United States: safeguarding coastal communities
They initiated a legal challenge in 2000, asking the US Environmental Protection Agency (EPA) to reduce air pollution from ships. The fight moved centre stage in 2009 when the EPA finally developed a proposal to rein in ship pollution and submitted an application to the IMO, in conjunction with Canada, effectively seeking a ban on the highly-polluting bunker fuel used in large ships along the North American coastline.
Friends of the Earth US used their status at the IMO to be a voice for people like Jesse N. Marquez of the Coalition for a Safe Environment, who works at the grassroots level in southern California. The coalition called attention to the harmful impact that shipping emissions have on the indigenous people, who inhabited these areas long before they were ports, saying “[we] did not move into ports, we have always existed there.”

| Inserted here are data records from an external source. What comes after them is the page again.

(* An oriented edge is a pair e = (iota e, tau e) with adj e.1 e.2. *)
Definition oedge {V : eqType} (adj : rel V) (e : V * V) : Prop := adj e.1 e.2.

Definition points_away {V : eqType} (adj : rel V) (x : V) (e : V * V) : Prop :=
  gdist adj x e.2 = (gdist adj x e.1).+1.

Definition is_aut {V : eqType} (adj : rel V) (g ginv : V -> V) : Prop :=
  [/\ cancel g ginv, cancel ginv g & forall x y, adj (g x) (g y) = adj x y].

Definition edge_act {V : eqType} (g : V -> V) (e : V * V) : V * V := (g e.1, g e.2).

Definition geod_ray {V : eqType} (adj : rel V) (r : nat -> V) : Prop :=
  forall i k : nat, gdist adj (r i) (r (i + k)%N) = k.

Definition edge_of_ray {V : eqType} (r' : nat -> V) (a b : V) : Prop :=
  exists m, (r' m = a /\ r' m.+1 = b) \/ (r' m = b /\ r' m.+1 = a).

Definition ray_equiv {V : eqType} (r r' : nat -> V) : Prop :=
  forall N : nat, exists n, (N <= n)%N /\ edge_of_ray r' (r n) (r n.+1).

Definition is_end {V : eqType} (adj : rel V) (E : set (nat -> V)) : Prop :=
  exists r, geod_ray adj r /\ E = [set r' | geod_ray adj r' /\ ray_equiv r r'].

Definition End {V : eqType} (adj : rel V) : Type := {E : set (nat -> V) | is_end adj E}.

(* the ray from vertex x to the end w (unique) *)
Definition ray_to {V : eqType} {adj : rel V} (w : End adj) (x : V) (r : nat -> V) :=
  proj1_sig w r /\ r 0%N = x.

Definition fwd {V : eqType} (adj : rel V) (e : V * V) : set (End adj) :=
  [set w | exists r, ray_to w e.1 r /\ r 1%N = e.2].

(* the topology on the ends generated by the basis of forward sets *)
Definition end_open {V : eqType} {adj : rel V} (U : set (End adj)) : Prop :=
  forall w, U w -> exists e, [/\ oedge adj e, fwd adj e w & fwd adj e `<=` U].

Definition end_clopen {V : eqType} {adj : rel V} (U : set (End adj)) : Prop :=
  end_open U /\ end_open (~` U).

(* action of an automorphism on ends, through preimages:
   g^-1 A = [set w | g w \in A], where g w is the class of g o r, r in w *)
Definition end_preim {V : eqType} {adj : rel V} (g : V -> V) (A : set (End adj))
  : set (End adj) :=
  [set w : End adj | exists w' : End adj, A w' /\ exists r : nat -> V, proj1_sig w r /\ proj1_sig w' (g \o r)].

(* Busemann / horofunction h_w(x, y) = d(x, v) - d(y, v) for any vertex v on
   both rays from x and from y to w *)
Definition on_both_rays {V : eqType} {adj : rel V} (w : End adj) (x y v : V) : Prop :=
  exists r r', [/\ ray_to w x r, ray_to w y r' & exists i j, r i = v /\ r' j = v].

Definition horo {V : eqType} {adj : rel V} (w : End adj) (x y : V) : int :=
  let v := epsilon (inhabits x) (on_both_rays w x y) in
  (gdist adj x v)%:Z - (gdist adj y v)%:Z.

(* complex set functions on the clopen sets (values on other sets are irrelevant) *)
Definition is_FA {V : eqType} {adj : rel V} (nu : set (End adj) -> CC) : Prop :=
  forall A B, end_clopen A -> end_clopen B -> A `&` B = set0 ->
    nu (A `|` B) = nu A + nu B.

Definition fa_act {V : eqType} {adj : rel V} (g : V -> V) (nu : set (End adj) -> CC)
  : set (End adj) -> CC := fun A => nu (end_preim g A).

(* a finite clopen partition A = disjoint union of P i, with f constant = c i on P i *)
Definition lc_partition {V : eqType} {adj : rel V} (f : End adj -> CC) (A : set (End adj))
  (t : {n : nat & (('I_n -> set (End adj)) * ('I_n -> CC))%type}) : Prop :=
  let P := (projT2 t).1 in let c := (projT2 t).2 in
  [/\ forall i, end_clopen (P i),
      forall i j, i != j -> P i `&` P j = set0,
      forall w, A w <-> exists i, P i w &
      forall i w, P i w -> f w = c i].

Definition fa_integral {V : eqType} {adj : rel V} (nu : set (End adj) -> CC)
  (f : End adj -> CC) (A : set (End adj)) : CC :=
  let t := epsilon
      (inhabits (existT (fun n => (('I_n -> set (End adj)) * ('I_n -> CC))%type) 0%N
                        (fun _ => set0, fun _ => 0)))
      (lc_partition f A) in
  \sum_(i < projT1 t) (projT2 t).2 i * nu ((projT2 t).1 i).

Definition cocycle {V : eqType} (adj : rel V) (o : V) (z : CC) (g : V -> V)
  : End adj -> CC := fun w => z ^ (horo w (g o) o).

Definition pi_z {V : eqType} {adj : rel V} (o : V) (z : CC) (g : V -> V)
  (nu : set (End adj) -> CC) : set (End adj) -> CC :=
  fun A => fa_integral (fa_act g nu) (cocycle adj o z g) A.

From mathcomp Require Import all_boot all_algebra.
From mathcomp Require Import boolp classical_sets.
From mathcomp Require Import Rstruct complex.
From mathcomp Require Import zify ring.
From Stdlib Require Import ClassicalEpsilon.

(* Let e = (a, b) be an edge pointing away from both o and g o.  On its forward
   set the two rays to an end run through e, so the horofunction and hence the
   cocycle c_g are constant there, equal to z ^ (d(g o, a) - d(o, a)); thus
   pi_z(g) nu (fwd e) = z ^ (d(g o, a) - d(o, a)) * nu (fwd (g^-1 e)), and
   invariance on the clopen set fwd (g e) is exactly the edge identity for e.
   Conversely, the space of ends is compact (König's lemma, by local finiteness),
   so every clopen set is a finite disjoint union of forward sets of edges ending
   on one level beyond d(o, g o); all of them point away from o and g o.  The
   integral does not depend on the chosen partition, so invariance follows by
   summing the edge identities. *)

Set Implicit Arguments.
Unset Printing Implicit Defensive.

Import GRing.Theory.
Local Open Scope classical_set_scope.

Lemma expfz_subn_mulE (F : fieldType) (z : F) (m n : nat) (x y : F) : (z != 0)%R ->
  (z ^ (m%:Z - n%:Z) * x = y)%R <-> (z ^+ m * x = z ^+ n * y)%R.
Proof.
move=> z0; have zn : (z ^+ n != 0)%R by rewrite expf_neq0.
rewrite expfzDr // -invr_expz -!exprnP.
by split => [<- | /(congr1 ( *%R (z ^+ n)^-1))]; [field | rewrite mulKf // => <-; ring].
Qed.

Lemma ex_minimal_nat (P : nat -> Prop) :
  (exists n, P n) -> exists n, P n /\ forall m, P m -> n <= m.
Proof.
move=> h; have hb : exists n, `[< P n >] by case: h => n hn; exists n; apply/asboolP.
exists (ex_minn hb); case: ex_minnP => m /asboolP hm hmin; split => // k hk.
by apply: hmin; apply/asboolP.
Qed.

Section Tree.
Variables (V : eqType) (adj : rel V).
Hypothesis tree : is_tree adj.
Local Notation d := (gdist adj).

Definition is_walk (p : nat -> V) (n : nat) := forall i, i < n -> adj (p i) (p i.+1).

Lemma adjC x y : adj x y = adj y x.
Proof. by case: tree => [[]]. Qed.

Lemma adj_irrefl x : ~~ adj x x.
Proof. by case: tree => [[]]. Qed.

Lemma adj_neq x y : adj x y -> x != y.
Proof. by move=> h; apply/eqP=> e; move: h; rewrite e (negbTE (adj_irrefl y)). Qed.

Lemma walk_of_lengthP x y n :
  walk_of_length adj x y n <-> exists p, [/\ p 0 = x, p n = y & is_walk p n].
Proof.
split.
  case=> s [hp hl hs]; exists (fun i => nth x (x :: s) i); split => //.
    by rewrite -hs -last_nth.
  by move=> i hi; move/(pathP x): hp => /(_ i); rewrite hs => /(_ hi).
case=> p [h0 hn hw]; exists (mkseq (fun i => p i.+1) n); split.
- apply/(pathP x) => i; rewrite size_mkseq => hi.
  rewrite nth_mkseq //=; case: i hi => [|i] hi /=; first by rewrite -h0; exact: hw.
  rewrite nth_mkseq; last by lia. exact: hw.
- rewrite (last_nth x) size_mkseq; case: n hn hw => [|n] hn hw /=; first by rewrite -hn.
  by rewrite nth_mkseq.
- by rewrite size_mkseq.
Qed.

Lemma gdist_spec x y : walk_of_length adj x y (d x y) /\
  forall m, walk_of_length adj x y m -> d x y <= m.
Proof.
rewrite /gdist; set S := [set n | _].
suff : exists n, S n by move=> /(xgetPex 0).
apply: ex_minimal_nat; case: tree => _ /(_ x y) [p [hp hl]] _.
by exists (size p); exists p.
Qed.

Lemma gdist_walk_le p n : is_walk p n -> d (p 0) (p n) <= n.
Proof. by move=> h; apply: (proj2 (gdist_spec _ _)); apply/walk_of_lengthP; exists p. Qed.

Lemma shortest_walk x y : exists p, [/\ p 0 = x, p (d x y) = y & is_walk p (d x y)].
Proof. by apply/walk_of_lengthP; case: (gdist_spec x y). Qed.

Definition concat_walk (p q : nat -> V) (m i : nat) := if i <= m then p i else q (i - m).

Lemma concat_walk0 p q m : concat_walk p q m 0 = p 0.
Proof. by []. Qed.

Lemma concat_walk_end p q m n : p m = q 0 -> concat_walk p q m (m + n) = q n.
Proof.
move=> e; rewrite /concat_walk; case: leqP => h; last by rewrite addKn.
have -> : n = 0 by lia.
by rewrite addn0 e.
Qed.

Lemma concat_is_walk p q m n :
  is_walk p m -> is_walk q n -> p m = q 0 -> is_walk (concat_walk p q m) (m + n).
Proof.
move=> hp hq e i hi; rewrite /concat_walk.
case: (ltnP i m) => him; first by rewrite (ltnW him); apply: hp.
case: (leqP i m) => him2.
  have -> : i = m by lia.
  by rewrite e subSn // subnn; apply: hq; lia.
by rewrite subSn; [apply: hq|]; lia.
Qed.

Lemma gdist_triangle x y z : d x z <= d x y + d y z.
Proof.
case: (shortest_walk x y) => p [p0 pn pw]; case: (shortest_walk y z) => q [q0 qn qw].
have e : p (d x y) = q 0 by rewrite pn q0.
by have := gdist_walk_le (concat_is_walk pw qw e); rewrite concat_walk0 concat_walk_end // p0 qn.
Qed.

On 26 March 2010, the IMO finally approved the new rules, which will significantly reduce deadly shipping emissions in the United States and Canada. The rules will take effect in 2012 and by 2015, ships traveling within 200 miles of US shores will be required to cut their air pollution by 80 percent or more (although Arctic waters are not currently included). The decision effectively bans the dirtiest bunker fuels and will prevent millions of illnesses and 14,000 premature deaths in the US by 2020.